===== DATASET RECORDS
Lemma continuous_xlnx : continuous (@xlnx R).
Proof.
move=> x; have [x0|x0|x0] := ltgtP x 0.
- apply: (near_cst_continuous 0); near=> y; rewrite xlnxE ln0 ?mulr0 //.
  by apply: ltW; near: y; exact: lt_nbhsl.
- rewrite xlnxE; apply: continuousM => //; exact: continuous_ln.
- have lower : ((fun y => 2 * (y - Num.sqrt y)) @ (0 : R) --> 2 * (0 - Num.sqrt 0))%classic.
    by apply: cvgM; [exact: cvg_cst | apply: cvgB => //; exact: sqrt_continuous].
  have upper : ((fun y => y * (y - 1)) @ (0 : R) --> (0 * (0 - 1) : R))%classic.
    by apply: cvgM => //; apply: cvgB => //; exact: cvg_cst.
  rewrite sqrtr0 subrr mulr0 in lower; rewrite mul0r in upper.
  rewrite /continuous_at x0 xlnx0; apply: squeeze_cvgr lower upper.
  by near=> y; rewrite xlnx_ge xlnx_le.
Unshelve. all: by end_near. Qed.
End LnXLnX.

Section ConcaveDerivative.
Variables (R : realType) (f df : R -> R).
Hypothesis f_deriv : forall x : R, 0 < x -> is_derive x 1 f (df x).
Hypothesis df_concave : forall x y z : R, 0 < x -> x < y -> y < z ->
  df x * (z - y) + df z * (y - x) <= df y * (z - x).

Let mvt (x y : R) : 0 < x -> x < y ->
  exists2 c, x < c < y & f y - f x = df c * (y - x).
Proof.
move=> x0 xy; have [c cxy e] : exists2 c, c \in `]x, y[ & f y - f x = df c * (y - x).
  apply: MVT => // [c|].
  - by rewrite in_itv /= => /andP[xc _]; apply: f_deriv; exact: lt_trans xc.
  - apply: derivable_within_continuous => c; rewrite in_itv /= => /andP[xc _].
    by have [] := f_deriv (lt_le_trans x0 xc).
by exists c; move: cxy; rewrite in_itv.
Qed.

Lemma ge0_concave_derivative (q t x : R) : 0 < q < t -> f q = 0 -> df q = 0 -> f t = 0 ->
  0 < x <= t -> 0 <= f x.
Proof.
move=> /andP[q0 qt] fq dfq ft /andP[x0 xt]; rewrite leNgt; apply/negP => fx.
have [xq|qx|xq] := ltgtP x q; last by rewrite xq fq ltxx in fx.
- have [a /andP[xa aq] ea] := mvt x0 xq.
  have [b /andP[qb bt] eb] := mvt q0 qt.
  rewrite fq in ea; rewrite fq ft subrr in eb.
  have dfa : 0 < df a by rewrite -(@pmulr_lgt0 _ (q - x)) ?subr_gt0 // -ea sub0r oppr_gt0.
  have dfb : df b = 0.
    by move/esym/eqP: eb; rewrite mulf_eq0 subr_eq0 (gt_eqF qt) orbF => /eqP.
  have := df_concave (lt_trans x0 xa) aq qb; rewrite dfq dfb !mul0r addr0.
  nra.
- have xt' : x < t by rewrite lt_neqAle xt andbT; apply: contraTneq fx => ->; rewrite ft ltxx.
  have [a /andP[qa ax] ea] := mvt q0 qx.
  have [b /andP[xb bt] eb] := mvt x0 xt'.
  rewrite fq subr0 in ea; rewrite ft sub0r in eb.
  have dfa : df a < 0 by rewrite -(@pmulr_llt0 _ (x - q)) ?subr_gt0 // -ea.
  have dfb : 0 < df b by rewrite -(@pmulr_lgt0 _ (t - x)) ?subr_gt0 // -eb oppr_gt0.
  have := df_concave q0 qa (lt_trans ax xb); rewrite dfq mul0r add0r.
  nra.
Qed.
End ConcaveDerivative.

Section XLnXBregman.
Variable R : realType.
Implicit Types q t x : R.

Definition xlnx_bregman q x := xlnx x - xlnx q - (ln q + 1) * (x - q).

Lemma xlnx_bregmanxx q : xlnx_bregman q q = 0.
Proof. by rewrite /xlnx_bregman; ring. Qed.

Lemma xlnx_bregman0 q : xlnx_bregman q 0 = q.
Proof. by rewrite /xlnx_bregman xlnxE mul0r; ring. Qed.

Lemma xlnx_bregman_le q x : 0 < q -> 0 < x -> xlnx_bregman q x <= (x - q) ^+ 2 / q.
Proof.
move=> q0 x0; have := ler_wpM2l (ltW x0) (ln_sub_le x0 q0).
have -> : (x - q) ^+ 2 / q = x * ((x - q) / q) - (x - q) by field; rewrite gt_eqF.
by rewrite /xlnx_bregman xlnxE; lra.
Qed.

Lemma is_derive_xlnx_bregman q x : 0 < x ->
  is_derive x 1 (xlnx_bregman q) (ln x - ln q).
Proof.
move=> x0; rewrite /xlnx_bregman xlnxE.
have dln : is_derive x 1 (@ln R) x^-1 := is_derive1_ln x0.
apply: is_derive_eq; rewrite /GRing.scale /= mulr1 mulfV ?gt_eqF //; ring.
Qed.

Lemma xlnx_bregman_ge_quadratic q t x : 0 < q < t -> 0 <= x <= t ->
  xlnx_bregman q t / (t - q) ^+ 2 * (x - q) ^+ 2 <= xlnx_bregman q x.
Proof.
move=> /andP[q0 qt] /andP[x0 xt]; set g := xlnx_bregman q t / (t - q) ^+ 2.
have tq : (t - q) ^+ 2 != 0 by rewrite sqrf_eq0 subr_eq0 gt_eqF.
have [<-|x_neq0] := eqVneq 0 x.
  have g_le : g <= q^-1.
    rewrite /g ler_pdivrMr ?exprn_gt0 ?subr_gt0 // mulrC.
    exact: xlnx_bregman_le (lt_trans q0 qt).
  rewrite xlnx_bregman0 sub0r sqrrN.
  have qq : q^-1 * q = 1 by rewrite mulVf ?gt_eqF.
  nra.
rewrite -subr_ge0.
apply: (ge0_concave_derivative (f := fun x => xlnx_bregman q x - g * (x - q) ^+ 2)
         (df := fun x => ln x - ln q - 2 * g * (x - q)) _ _ (q := q) (t := t)).
- move=> y y0; have := is_derive_xlnx_bregman q y0 => ?.
  by apply: is_derive_eq; rewrite /GRing.scale /=; ring.
- move=> a b c a0 ab bc; have := ln_chord a0 (ltW ab) (ltW bc); lra.
- by rewrite q0 qt.
- by rewrite xlnx_bregmanxx; ring.
- by rewrite /=; ring.
- by rewrite /g divfK // subrr.
- by rewrite lt_neqAle x_neq0 x0 xt.
Qed.
End XLnXBregman.

Section SumXLnX.
Variables (R : realType) (I : finType).

Lemma sum_sqr_subr (z : I -> R) c :
  \sum_i (z i - c) ^+ 2 = \sum_i z i ^+ 2 - 2 * c * \sum_i z i + #|I|%:R * c ^+ 2.
Proof.
rewrite (eq_bigr (fun i => z i ^+ 2 + (- (2 * c) * z i + c ^+ 2))); last by move=> i _; ring.
by rewrite !big_split /= -mulr_sumr sumr_const mulr_natl; ring.
Qed.

Lemma sum_xlnx_le_two_valued (x y : I -> R) (q t : R) :
  0 < q < t -> (forall i, 0 <= x i <= t) -> (forall i, y i = q \/ y i = t) ->
  \sum_i x i = \sum_i y i -> \sum_i x i ^+ 2 = \sum_i y i ^+ 2 ->
  \sum_i xlnx (y i) <= \sum_i xlnx (x i).
Proof.
move=> /andP[q0 qt] x0t yqt Sxy Qxy; set g := xlnx_bregman q t / (t - q) ^+ 2.
have sum_xlnxE (z : I -> R) : \sum_i xlnx (z i) = \sum_i xlnx_bregman q (z i) +
    (#|I|%:R * xlnx q + (ln q + 1) * (\sum_i z i - #|I|%:R * q)).
  rewrite /xlnx_bregman !sumrB -mulr_sumr sumrB !sumr_const !mulr_natl; ring.
have yB i : xlnx_bregman q (y i) = g * (y i - q) ^+ 2.
  have [->|->] := yqt i; first by rewrite xlnx_bregmanxx subrr expr0n mulr0.
  by rewrite /g divfK // sqrf_eq0 subr_eq0 gt_eqF.
have sqr_eq : \sum_i (x i - q) ^+ 2 = \sum_i (y i - q) ^+ 2 by rewrite !sum_sqr_subr Sxy Qxy.
rewrite !sum_xlnxE Sxy lerD2r (eq_bigr _ (fun i _ => yB i)) -mulr_sumr -sqr_eq mulr_sumr.
by apply: ler_sum => i _; apply: xlnx_bregman_ge_quadratic; rewrite ?q0 ?qt.
Qed.

Lemma sum_xlnx_eq0 (p : I -> R) :
  (forall i, 0 <= p i <= 1) -> \sum_i p i ^+ 2 = \sum_i p i -> \sum_i xlnx (p i) = 0.
Proof.
move=> p01 sq.
have terms_ge0 i : 0 <= p i * (1 - p i).
  by have /andP[p0 p1] := p01 i; rewrite mulr_ge0 ?subr_ge0.
have terms_sum : \sum_i p i * (1 - p i) = 0.
  by rewrite (eq_bigr (fun i => p i - p i ^+ 2)) ?sumrB ?sq ?subrr // => i _; ring.
apply: big1 => i _; move: (psumr_eq0P (fun i _ => terms_ge0 i) terms_sum) => /(_ i isT)/eqP.
by rewrite mulf_eq0 subr_eq0 => /orP[/eqP-> | /eqP<-]; [exact: xlnx0 | exact: xlnx1].
Qed.
End SumXLnX.

Section Spike.
Variables (R : realType) (N : nat).
Hypothesis N_gt1 : (1 < N)%N.
Local Notation M := ((N.-1)%:R : R).
Local Notation c := ((N%:R : R)^-1).

Let M_gt0 : 0 < M. Proof. by rewrite ltr0n -ltnS prednK // ltnW. Qed.
Let M_ge1 : 1 <= M. Proof. by rewrite ler1n -ltnS prednK // ltnW. Qed.
Let NM : N%:R = M + 1 :> R. Proof. by rewrite natr1 prednK // ltnW. Qed.

Lemma spike_sum (k : 'I_N) (t : R) (F : R -> R) :
  \sum_i F (spike k t i) = F t + M * F ((1 - t) / M).
Proof.
rewrite (bigD1 k) //= /spike eqxx; congr (_ + _).
rewrite (eq_bigr (fun _ => F ((1 - t) / M))); last by move=> i /negbTE ->.
by rewrite sumr_const cardC1 card_ord mulr_natl.
Qed.

Lemma spike_in_simplex (k : 'I_N) (t : R) : 0 <= t <= 1 -> in_simplex (spike k t).
Proof.
move=> /andP[t0 t1]; split; last by rewrite (spike_sum k t id); field; rewrite gt_eqF.
move=> i; rewrite /spike; case: eqP => _; first by rewrite t0 t1.
apply/andP; split; first by rewrite divr_ge0 // ?subr_ge0 // ltW.
by rewrite ler_pdivrMr // mul1r; have := M_ge1; lra.
Qed.

Lemma disequilibriumE (p : 'I_N -> R) :
  \sum_i p i = 1 -> disequilibrium p = \sum_i p i ^+ 2 - c.
Proof.
move=> p1; rewrite /disequilibrium sum_sqr_subr p1 card_ord NM.
by field; have := M_gt0; lra.
Qed.

Lemma disequilibrium_spike (k : 'I_N) (t : R) :
  disequilibrium (spike k t) = N%:R / M * (t - c) ^+ 2.
Proof.
rewrite /disequilibrium (spike_sum k t (fun v => (v - c) ^+ 2)) NM.
by field; have := M_gt0; lra.
Qed.

Lemma centered_sqr_le_sum_sqr (d : 'I_N -> R) j :
  \sum_i d i = 0 -> N%:R * d j ^+ 2 <= M * \sum_i d i ^+ 2.
Proof.
move=> d0; set e := d j / M.
have rest_ge0 : 0 <= \sum_(i | i != j) (d i + e) ^+ 2.
  by apply: sumr_ge0 => i _; exact: sqr_ge0.
have split_j : \sum_i (d i + e) ^+ 2 = (d j + e) ^+ 2 + \sum_(i | i != j) (d i + e) ^+ 2.
  by rewrite (bigD1 j).
have full : \sum_i (d i + e) ^+ 2 = \sum_i d i ^+ 2 + N%:R * e ^+ 2.
  rewrite (eq_bigr (fun i => (d i - - e) ^+ 2)) => [|i _]; last by rewrite opprK.
  by rewrite sum_sqr_subr d0 card_ord sqrrN; ring.
have -> : N%:R * d j ^+ 2 = M * ((d j + e) ^+ 2 - N%:R * e ^+ 2).
  by rewrite /e NM; field; have := M_gt0; lra.
by rewrite ler_pM2l //; lra.
Qed.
==========
Pull every line containing "field" from the data.

(ANSWER BELOW):
have -> : (x - q) ^+ 2 / q = x * ((x - q) / q) - (x - q) by field; rewrite gt_eqF.
move=> /andP[t0 t1]; split; last by rewrite (spike_sum k t id); field; rewrite gt_eqF.
by field; have := M_gt0; lra.
by field; have := M_gt0; lra.
  by rewrite /e NM; field; have := M_gt0; lra.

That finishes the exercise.